__ASSIGNMENT__:
Lines to return, exactly: from the line with "On coefficients everything" to the line with "- rewrite Nat.add_0_r. lra." in the entries below, both included.

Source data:

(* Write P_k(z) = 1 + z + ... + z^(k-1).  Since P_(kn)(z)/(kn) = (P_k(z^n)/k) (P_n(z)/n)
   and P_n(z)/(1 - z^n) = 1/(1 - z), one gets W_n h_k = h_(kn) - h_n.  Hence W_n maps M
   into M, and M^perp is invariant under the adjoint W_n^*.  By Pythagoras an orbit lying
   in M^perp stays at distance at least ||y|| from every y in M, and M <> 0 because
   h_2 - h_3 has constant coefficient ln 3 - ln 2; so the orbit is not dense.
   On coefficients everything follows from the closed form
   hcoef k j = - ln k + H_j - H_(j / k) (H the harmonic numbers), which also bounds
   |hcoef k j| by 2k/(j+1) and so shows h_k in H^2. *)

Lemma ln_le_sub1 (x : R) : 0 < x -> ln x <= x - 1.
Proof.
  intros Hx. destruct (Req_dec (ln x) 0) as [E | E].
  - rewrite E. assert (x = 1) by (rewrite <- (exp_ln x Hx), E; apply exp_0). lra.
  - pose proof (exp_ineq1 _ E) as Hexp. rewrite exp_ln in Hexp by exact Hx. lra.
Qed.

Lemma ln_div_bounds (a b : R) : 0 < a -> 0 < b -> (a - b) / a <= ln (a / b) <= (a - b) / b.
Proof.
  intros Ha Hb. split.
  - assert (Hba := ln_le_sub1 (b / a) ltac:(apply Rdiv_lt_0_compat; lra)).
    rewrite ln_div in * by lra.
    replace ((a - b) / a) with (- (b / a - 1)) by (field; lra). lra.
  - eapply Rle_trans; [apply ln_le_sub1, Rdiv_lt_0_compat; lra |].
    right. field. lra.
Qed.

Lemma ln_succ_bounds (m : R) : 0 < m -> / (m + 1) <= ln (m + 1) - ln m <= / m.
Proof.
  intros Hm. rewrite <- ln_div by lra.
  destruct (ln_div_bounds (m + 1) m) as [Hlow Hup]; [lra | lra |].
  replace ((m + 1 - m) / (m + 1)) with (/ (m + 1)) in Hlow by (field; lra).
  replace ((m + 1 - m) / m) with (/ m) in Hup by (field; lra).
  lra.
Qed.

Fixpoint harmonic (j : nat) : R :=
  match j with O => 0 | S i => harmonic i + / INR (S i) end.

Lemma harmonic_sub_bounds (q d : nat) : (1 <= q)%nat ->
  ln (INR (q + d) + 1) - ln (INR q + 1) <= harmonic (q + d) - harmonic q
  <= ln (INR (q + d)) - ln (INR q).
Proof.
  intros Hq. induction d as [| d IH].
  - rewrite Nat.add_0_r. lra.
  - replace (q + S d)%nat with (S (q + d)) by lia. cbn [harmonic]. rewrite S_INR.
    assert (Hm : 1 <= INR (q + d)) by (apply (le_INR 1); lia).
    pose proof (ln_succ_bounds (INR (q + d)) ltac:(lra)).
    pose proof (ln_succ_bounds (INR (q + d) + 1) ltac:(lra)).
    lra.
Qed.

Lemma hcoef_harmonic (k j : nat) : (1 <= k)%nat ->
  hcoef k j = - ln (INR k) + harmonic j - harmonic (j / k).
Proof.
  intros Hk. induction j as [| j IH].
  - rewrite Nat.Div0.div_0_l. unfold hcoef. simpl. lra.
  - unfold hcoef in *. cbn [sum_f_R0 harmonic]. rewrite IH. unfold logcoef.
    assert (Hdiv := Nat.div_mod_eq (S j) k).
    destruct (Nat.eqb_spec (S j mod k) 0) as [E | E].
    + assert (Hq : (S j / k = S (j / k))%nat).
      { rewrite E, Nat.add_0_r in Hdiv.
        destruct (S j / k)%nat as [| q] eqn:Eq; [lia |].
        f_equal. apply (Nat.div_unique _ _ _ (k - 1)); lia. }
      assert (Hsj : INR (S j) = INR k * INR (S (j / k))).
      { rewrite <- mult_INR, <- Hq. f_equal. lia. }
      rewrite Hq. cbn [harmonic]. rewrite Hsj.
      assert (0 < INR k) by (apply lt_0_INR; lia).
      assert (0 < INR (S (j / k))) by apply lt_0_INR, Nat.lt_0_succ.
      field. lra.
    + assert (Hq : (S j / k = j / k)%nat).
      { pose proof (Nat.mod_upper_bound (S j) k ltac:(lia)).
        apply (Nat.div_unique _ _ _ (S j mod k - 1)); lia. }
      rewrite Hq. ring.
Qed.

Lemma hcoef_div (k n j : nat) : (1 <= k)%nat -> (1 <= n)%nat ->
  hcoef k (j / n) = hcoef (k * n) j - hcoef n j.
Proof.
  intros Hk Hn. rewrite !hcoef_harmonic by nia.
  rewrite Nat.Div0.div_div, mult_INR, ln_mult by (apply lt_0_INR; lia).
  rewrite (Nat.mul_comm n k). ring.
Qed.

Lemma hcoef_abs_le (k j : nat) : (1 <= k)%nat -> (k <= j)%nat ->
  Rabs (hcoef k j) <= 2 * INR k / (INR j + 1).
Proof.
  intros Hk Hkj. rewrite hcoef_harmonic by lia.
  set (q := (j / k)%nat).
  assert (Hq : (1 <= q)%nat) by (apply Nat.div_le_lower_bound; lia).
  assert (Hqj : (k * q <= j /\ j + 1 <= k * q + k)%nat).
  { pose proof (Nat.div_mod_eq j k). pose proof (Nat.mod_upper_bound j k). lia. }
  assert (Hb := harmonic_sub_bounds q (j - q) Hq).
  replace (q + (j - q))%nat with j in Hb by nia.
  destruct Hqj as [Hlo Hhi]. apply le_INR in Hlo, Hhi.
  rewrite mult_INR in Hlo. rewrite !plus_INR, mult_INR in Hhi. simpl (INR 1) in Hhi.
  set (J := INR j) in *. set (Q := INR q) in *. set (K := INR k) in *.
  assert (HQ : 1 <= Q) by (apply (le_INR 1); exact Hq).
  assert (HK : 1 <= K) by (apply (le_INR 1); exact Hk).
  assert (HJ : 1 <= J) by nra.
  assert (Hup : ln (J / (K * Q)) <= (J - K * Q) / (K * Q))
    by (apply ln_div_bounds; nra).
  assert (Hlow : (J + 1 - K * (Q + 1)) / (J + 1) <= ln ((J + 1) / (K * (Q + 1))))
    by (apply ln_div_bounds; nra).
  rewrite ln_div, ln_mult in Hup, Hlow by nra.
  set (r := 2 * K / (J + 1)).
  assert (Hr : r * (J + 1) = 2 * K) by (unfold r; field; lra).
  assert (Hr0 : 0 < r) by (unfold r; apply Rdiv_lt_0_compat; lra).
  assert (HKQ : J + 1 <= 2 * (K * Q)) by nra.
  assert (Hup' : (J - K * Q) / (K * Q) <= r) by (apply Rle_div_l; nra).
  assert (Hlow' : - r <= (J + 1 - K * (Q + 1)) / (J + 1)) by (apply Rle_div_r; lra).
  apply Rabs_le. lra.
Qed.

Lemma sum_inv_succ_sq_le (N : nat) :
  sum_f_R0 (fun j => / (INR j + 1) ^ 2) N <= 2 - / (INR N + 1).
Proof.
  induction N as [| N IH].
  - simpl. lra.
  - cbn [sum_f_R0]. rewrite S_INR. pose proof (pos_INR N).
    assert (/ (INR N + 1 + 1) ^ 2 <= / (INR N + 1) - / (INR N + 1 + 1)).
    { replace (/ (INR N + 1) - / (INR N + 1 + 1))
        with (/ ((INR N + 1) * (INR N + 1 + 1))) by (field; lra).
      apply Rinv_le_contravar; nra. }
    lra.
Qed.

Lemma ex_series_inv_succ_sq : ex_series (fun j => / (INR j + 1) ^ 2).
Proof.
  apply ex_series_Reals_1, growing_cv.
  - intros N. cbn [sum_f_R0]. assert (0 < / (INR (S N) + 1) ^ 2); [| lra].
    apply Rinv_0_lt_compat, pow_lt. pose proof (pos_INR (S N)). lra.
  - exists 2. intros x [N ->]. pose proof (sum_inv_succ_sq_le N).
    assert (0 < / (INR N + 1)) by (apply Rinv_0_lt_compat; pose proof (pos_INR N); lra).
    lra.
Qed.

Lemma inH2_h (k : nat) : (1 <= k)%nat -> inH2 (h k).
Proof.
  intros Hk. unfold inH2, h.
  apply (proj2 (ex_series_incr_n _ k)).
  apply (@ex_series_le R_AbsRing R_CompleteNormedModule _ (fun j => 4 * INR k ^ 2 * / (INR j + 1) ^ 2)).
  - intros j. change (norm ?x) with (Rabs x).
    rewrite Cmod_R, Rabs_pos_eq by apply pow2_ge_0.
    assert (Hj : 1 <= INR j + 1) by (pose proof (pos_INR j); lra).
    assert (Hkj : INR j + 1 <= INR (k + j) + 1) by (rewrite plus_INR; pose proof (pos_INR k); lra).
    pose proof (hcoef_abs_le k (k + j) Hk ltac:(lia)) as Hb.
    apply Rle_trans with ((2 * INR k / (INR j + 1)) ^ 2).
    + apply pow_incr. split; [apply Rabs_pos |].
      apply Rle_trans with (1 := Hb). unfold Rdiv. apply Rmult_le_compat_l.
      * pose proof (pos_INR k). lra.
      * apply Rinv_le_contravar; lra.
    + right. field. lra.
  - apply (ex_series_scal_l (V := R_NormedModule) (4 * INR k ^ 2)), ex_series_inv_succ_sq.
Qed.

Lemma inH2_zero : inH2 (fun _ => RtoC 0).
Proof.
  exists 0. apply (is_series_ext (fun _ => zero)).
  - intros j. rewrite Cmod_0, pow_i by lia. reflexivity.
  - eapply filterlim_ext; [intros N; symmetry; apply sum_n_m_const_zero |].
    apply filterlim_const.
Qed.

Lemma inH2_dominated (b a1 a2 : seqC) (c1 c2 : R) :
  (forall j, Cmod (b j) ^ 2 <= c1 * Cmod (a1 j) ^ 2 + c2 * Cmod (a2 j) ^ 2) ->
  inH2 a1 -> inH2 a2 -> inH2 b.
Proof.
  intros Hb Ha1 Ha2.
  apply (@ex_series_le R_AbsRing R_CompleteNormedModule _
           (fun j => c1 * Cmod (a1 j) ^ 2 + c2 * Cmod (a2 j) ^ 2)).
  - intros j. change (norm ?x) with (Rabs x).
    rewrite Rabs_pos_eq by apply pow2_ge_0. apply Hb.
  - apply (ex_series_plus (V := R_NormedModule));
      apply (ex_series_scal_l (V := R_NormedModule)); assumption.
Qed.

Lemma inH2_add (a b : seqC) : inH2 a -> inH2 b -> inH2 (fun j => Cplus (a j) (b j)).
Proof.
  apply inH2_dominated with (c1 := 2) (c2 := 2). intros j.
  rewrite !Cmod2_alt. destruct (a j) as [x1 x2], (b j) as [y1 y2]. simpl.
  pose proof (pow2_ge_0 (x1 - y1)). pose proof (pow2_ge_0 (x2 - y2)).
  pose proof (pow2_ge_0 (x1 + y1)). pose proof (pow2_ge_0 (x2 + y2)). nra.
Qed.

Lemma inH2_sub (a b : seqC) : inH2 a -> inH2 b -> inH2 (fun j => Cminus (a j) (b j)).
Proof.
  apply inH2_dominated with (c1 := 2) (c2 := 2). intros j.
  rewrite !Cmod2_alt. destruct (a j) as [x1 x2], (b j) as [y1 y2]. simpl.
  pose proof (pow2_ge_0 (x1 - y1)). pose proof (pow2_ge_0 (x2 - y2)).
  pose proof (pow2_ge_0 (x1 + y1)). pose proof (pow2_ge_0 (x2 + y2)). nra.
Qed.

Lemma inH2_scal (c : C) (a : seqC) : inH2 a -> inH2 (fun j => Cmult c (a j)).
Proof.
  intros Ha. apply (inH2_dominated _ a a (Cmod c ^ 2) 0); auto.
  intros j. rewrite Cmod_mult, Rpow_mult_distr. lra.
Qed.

__RESPONSE__:
   On coefficients everything follows from the closed form
   hcoef k j = - ln k + H_j - H_(j / k) (H the harmonic numbers), which also bounds
   |hcoef k j| by 2k/(j+1) and so shows h_k in H^2. *)

Lemma ln_le_sub1 (x : R) : 0 < x -> ln x <= x - 1.
Proof.
  intros Hx. destruct (Req_dec (ln x) 0) as [E | E].
  - rewrite E. assert (x = 1) by (rewrite <- (exp_ln x Hx), E; apply exp_0). lra.
  - pose proof (exp_ineq1 _ E) as Hexp. rewrite exp_ln in Hexp by exact Hx. lra.
Qed.

Lemma ln_div_bounds (a b : R) : 0 < a -> 0 < b -> (a - b) / a <= ln (a / b) <= (a - b) / b.
Proof.
  intros Ha Hb. split.
  - assert (Hba := ln_le_sub1 (b / a) ltac:(apply Rdiv_lt_0_compat; lra)).
    rewrite ln_div in * by lra.
    replace ((a - b) / a) with (- (b / a - 1)) by (field; lra). lra.
  - eapply Rle_trans; [apply ln_le_sub1, Rdiv_lt_0_compat; lra |].
    right. field. lra.
Qed.

Lemma ln_succ_bounds (m : R) : 0 < m -> / (m + 1) <= ln (m + 1) - ln m <= / m.
Proof.
  intros Hm. rewrite <- ln_div by lra.
  destruct (ln_div_bounds (m + 1) m) as [Hlow Hup]; [lra | lra |].
  replace ((m + 1 - m) / (m + 1)) with (/ (m + 1)) in Hlow by (field; lra).
  replace ((m + 1 - m) / m) with (/ m) in Hup by (field; lra).
  lra.
Qed.

Fixpoint harmonic (j : nat) : R :=
  match j with O => 0 | S i => harmonic i + / INR (S i) end.

Lemma harmonic_sub_bounds (q d : nat) : (1 <= q)%nat ->
  ln (INR (q + d) + 1) - ln (INR q + 1) <= harmonic (q + d) - harmonic q
  <= ln (INR (q + d)) - ln (INR q).
Proof.
  intros Hq. induction d as [| d IH].
  - rewrite Nat.add_0_r. lra.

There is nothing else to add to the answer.